There are moments in the book when a modern reader has to think a bit to interpret the social currents that would have been natural to a reader in the 1930s but these just make the book more fun. This is another of those "forgotten books" that have slipped from the public eye and are fun to rediscover. Recommended. ( )
1 vote TadAD | Jun 9, 2017 |
Oh, this is lovely.

Margery Sharp’s 1933 novel – her fourth – is light, bright and witty, and it’s thoughtful, emotional and profound too. Not many authors can do all those things, and I don’t think anyone but Margery Sharp could wrap them up in a book as engaging and readable as ‘The Flowering Thorn.’

‘The Flowering Thorn’ tells the story of Lesley Frewn. She was a Londoner, and you could probably call her a bright young thing. She had private means – not enough to make her fabulously wealthy, but more than enough to give her a very nice lifestyle. She had a lovely flat, her wardrobe was full of the latest fashions; she loved, art, music and theatre and partying with her circle of friends and suitors.

But one day something went wrong.

“The image she sought there–so curiously, eagerly, as though for the first time–was tall, poised and precisely as slender as fashion required. Gown, gloves and single orchid were impeccably chosen, while the dark, smooth shingle, close as a silken scalp, set off a certain neat elegance of head and shoulders. A lady, one would say, of at least sufficient income, enjoying considerable taste, and not more than twenty-eight years old….Without the slightest warning, Lesley Frewen burst into tears.”

A man was to blame: the one suitor Lesley really, really wanted didn’t want her.

Now experience has taught me that one Margery Sharp heroines, a wonderfully diverse group of women, have in common is that they don’t waste time feeling sorry for themselves; they get up and carry on.

Lesley was no exception, and she was inclined to be bolshie.

That goes some way to explaining why she offered to adopt an unwanted infant who had been left on her aunt’s hand after the death of a servant, saving him from being sent to an orphanage.

The other part of the explanation was that she thought that the experience would proved her with a fabulous stock of anecdotes.

She had doubts, but she had been taken with the child and she didn’t want to lose face. So she told herself that in four years time he would be going to school and she could resume her old life.
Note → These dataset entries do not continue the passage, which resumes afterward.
(* Let $(X,d)$ be $\delta$-hyperbolic with base point $o$, let $\mathcal S$ be a $(1/100,C_0,D)$-Schottky set, and consider the pivotal-time construction below. If $P_n=\{k_1<\dots<k_p\}$ and $D\ge 6C_0+13\delta+1$, then for every $i=2,\dots,p$ the sequence $y^-_{k_i},\,y_{k_i},\,y^-_{n+1}$ is a $(2C_0+5\delta,\ D-6C_0-13\delta)$-chain.
   Context: Gromov product $(x|y)_z=\frac12(d(x,z)+d(z,y)-d(x,y))$. A sequence $x_0,\dots,x_n$ is a $(C,D)$-chain if $(x_{i-1}|x_{i+1})_{x_i}\le C$ for $1\le i\le n-1$ and $d(x_{i-1},x_i)\ge D$ for $1\le i\le n$. For $C\ge0$, $D'=2C+2\delta+1$, the chain shadow $\mathcal{CS}_x(y,C)$ is the set of $z$ for which there is a $(C,D')$-chain $x_0=x,x_1,\dots,x_n=z$ with $(x_0|x_1)_y\le C$. A finite set $\mathcal S$ of isometries is an $(\epsilon,C,D)$-Schottky set if for all $x,y\in X$: $\#\{s:(x|s y)_o\le C\}\ge(1-\epsilon)\#\mathcal S$, $\#\{s:(x|s^{-1}y)_o\le C\}\ge(1-\epsilon)\#\mathcal S$, and $d(o,so)\ge D$ for all $s\in\mathcal S$. Construction: fix isometries $u_0,u_1,\dots$ and elements $s_i=a_ib_i$ with $a_i,b_i\in\mathcal S$. Put $y_n^-=u_0s_1u_1\cdots s_{n-1}u_{n-1}o$, $y_n=u_0s_1u_1\cdots s_{n-1}u_{n-1}a_no$, $y_n^+=u_0s_1u_1\cdots s_{n-1}u_{n-1}a_nb_no$. Pivotal times: $P_0=\emptyset$; given $P_{n-1}$ let $k=\max P_{n-1}$ (and $k=0$, $y_0:=o$ if $P_{n-1}=\emptyset$). If the local geodesic condition $(y_k|y_n)_{y_n^-}\le C_0$, $(y_n^-|y_n^+)_{y_n}\le C_0$, $(y_n|y_{n+1}^-)_{y_n^+}\le C_0$ holds, set $P_n=P_{n-1}\cup\{n\}$; otherwise let $m$ be the largest element of $P_{n-1}$ with $y^-_{n+1}\in\mathcal{CS}_{y_m}(y_m^+,C_0+\delta)$ and set $P_n=P_{n-1}\cap\{1,\dots,m\}$ ($P_n=\emptyset$ if no such $m$). *)

From HB Require Import structures.
From mathcomp Require Import all_boot all_order all_algebra.
From mathcomp Require Import boolp reals.
Set Implicit Arguments. Unset Strict Implicit. Unset Printing Implicit Defensive.
Import Order.TTheory GRing.Theory Num.Theory.
Local Open Scope ring_scope.

Definition gp (R : realType) (X : Type) (d : X -> X -> R) (x y z : X) : R :=
  (d x z + d z y - d x y) / 2.

Definition metric (R : realType) (X : Type) (d : X -> X -> R) : Prop :=
  [/\ (forall x, d x x = 0),
      (forall x y, d x y = d y x),
      (forall x y z, d x z <= d x y + d y z)
    & (forall x y, d x y = 0 -> x = y)].

Definition hyperbolic (R : realType) (X : Type) (d : X -> X -> R) (delta : R)
  : Prop :=
  0 <= delta /\
  forall x y z w, Num.min (gp d x y w) (gp d y z w) - delta <= gp d x z w.

Definition is_isom (R : realType) (X : Type) (d : X -> X -> R) (f : X -> X)
  : Prop :=
  (forall x y, d (f x) (f y) = d x y) /\ bijective f.

Definition is_chain (R : realType) (X : Type) (d : X -> X -> R) (C D : R)
  (c : nat -> X) (m : nat) : Prop :=
  (forall i, (0 < i < m)%N -> gp d (c i.-1) (c i.+1) (c i) <= C) /\
  (forall i, (0 < i <= m)%N -> D <= d (c i.-1) (c i)).

Definition chain_shadow (R : realType) (X : Type) (d : X -> X -> R) (delta : R)
  (x y : X) (C : R) (z : X) : Prop :=
  exists (c : nat -> X) (m : nat),
    [/\ (0 < m)%N, c 0%N = x, c m = z,
        is_chain d C (2 * C + 2 * delta + 1) c m
      & gp d (c 0%N) (c 1%N) y <= C].

(** (eps, C, D)-Schottky set: the finite set { S i | i : I } (S injective),
    with Sinv i the inverse isometry of S i. *)
Definition schottky (R : realType) (X : Type) (d : X -> X -> R) (o : X)
  (I : finType) (S Sinv : I -> X -> X) (eps C D : R) : Prop :=
  [/\ (forall x y, (1 - eps) * #|I|%:R <= #|[pred i | gp d x (S i y) o <= C]|%:R),
      (forall x y, (1 - eps) * #|I|%:R <= #|[pred i | gp d x (Sinv i y) o <= C]|%:R)
    & (forall i, D <= d o (S i o))].

(** pre k = u_0 s_1 u_1 ... s_k u_k, with s_j = a_j b_j. *)
Fixpoint pre (X : Type) (I : Type) (S : I -> X -> X) (a b : nat -> I)
  (u : nat -> X -> X) (k : nat) : X -> X :=
  match k with
  | 0 => u 0%N
  | k'.+1 => fun x => pre S a b u k' (S (a k) (S (b k) (u k x)))
  end.

(** y_n^- , y_n , y_n^+  (meaningful for n >= 1). *)
Definition ym X I (S : I -> X -> X) a b u (o : X) (n : nat) : X :=
  pre S a b u n.-1 o.
Definition yy X I (S : I -> X -> X) a b u (o : X) (n : nat) : X :=
  pre S a b u n.-1 (S (a n) o).
Definition yp X I (S : I -> X -> X) a b u (o : X) (n : nat) : X :=
  pre S a b u n.-1 (S (a n) (S (b n) o)).

Fixpoint piv (R : realType) (X : Type) (d : X -> X -> R) (delta C0 : R) (o : X)
  (I : Type) (S : I -> X -> X) (a b : nat -> I) (u : nat -> X -> X) (n : nat)
  : seq nat :=
  match n with
  | 0 => [::]
  | n'.+1 =>
    let P := piv d delta C0 o S a b u n' in
    let k := foldr maxn 0%N P in
    let yk := if k == 0%N then o else yy S a b u o k in
    if [&& gp d yk (yy S a b u o n) (ym S a b u o n) <= C0,
           gp d (ym S a b u o n) (yp S a b u o n) (yy S a b u o n) <= C0
         & gp d (yy S a b u o n) (ym S a b u o n.+1) (yp S a b u o n) <= C0]
    then rcons P n
    else
      let cand := [seq m <- P |
        `[< chain_shadow d delta (yy S a b u o m) (yp S a b u o m) (C0 + delta)
                         (ym S a b u o n.+1) >]] in
      let m := foldr maxn 0%N cand in
      [seq j <- P | (0 < j <= m)%N]
  end.

From HB Require Import structures.
From mathcomp Require Import all_boot all_order all_algebra.
From mathcomp Require Import boolp reals.
From mathcomp Require Import lra zify.
Import Order.TTheory GRing.Theory Num.Theory.
Local Open Scope ring_scope.
Set Implicit Arguments.
Unset Strict Implicit.

(* The pivotal times are tied together by chains of local geodesics.  By
   induction on [n], for all pivotal times k < k' in P_n some
   (C0 + delta)-chain in the chain shadow of y_k seen from y_k^+ ends with the
   edge y_{k'}^-, y_{k'}, and y_{n+1}^- lies in the chain shadow of y_K for the
   largest K in P_n: a new pivotal time extends these chains by the long edge
   y_n^-, y_n, and backtracking only forgets pivotal times.  Chains glue across
   a long edge because the four-point condition turns a small angle at the
   junction into a small angle again.  Finally, a chain in the shadow of y_k
   seen from y_k^+ makes a small angle with y_k^- at y_k and moves far away
   from y_k, which gives the 3-chain y_k^-, y_k, y_{n+1}^-. *)

Lemma foldr_maxn_ge (s : seq nat) x : x \in s -> (x <= foldr maxn 0 s)%N.
Proof.
elim: s => //= y s IH; rewrite inE => /predU1P[->|/IH x_le].
  exact: leq_maxl.
exact: leq_trans x_le (leq_maxr _ _).
Qed.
Lesley quickly realised that her income would only stretch so far, and so she decided that she would move her household to a cottage in the country. It takes time for her and her little boy – Pat – to learn to live together. The relationship they form is more much elder sister left in charge and little brother than mother and child, but they make it work.

Margery Sharp handles this beautifully, with understanding but without the faintest hint of sentimentality.

Along the way Lesley learns to be a countrywoman, forming friendships with her neighbours, joining in village life, and eventually realising that she could dine very well on local produce and didn’t need to have meals sent down from Fortnum and Mason.

“All through the summer Lesley’s household consolidated itself. In now included besides Patrick, Mrs Sprigg, and Pincher; a fine ginger cat who was sometimes called Alice; and of its tiny universe – as variously inhabited, for all its size as the island in ‘The Tempest’ – Lesley herself was the natural and undisputed centre. Within it, whatever she said or did was of extreme importance: goddess-like in her meanest activities, she dispensed food, favour, justice and protection. She had scraps for a dog, milk for a cat, bread for a child, a wage for an old woman: she had a roof and a fire and a door to shut or open. She was beginning to be beloved, and she was already essential.”

The journey to that point wasn’t simple: there were ups and downs and lots of lovely details, characters and incidents.

Lesley became great friends with the vicar’s wife; she charmed her elderly, aristocratic landlord; she rose to the occasion magnificently when called upon in a crisis.

And yet the obvious resolution was far from inevitable. There would be visitors from London, and there would always be a part of Lesley that felt the pull of her old life.

She was aware that the country life had changed her, as the good country food had changed her waistline, and she really didn’t know when Patrick went away to take up the school place that Lesley had inveigled her godfather into providing.

It was lovely spending time with these characters and in this world. There were so many times when I smiled, when I felt a tug of emotion, as I read.

There would be a lovely twist before the ending.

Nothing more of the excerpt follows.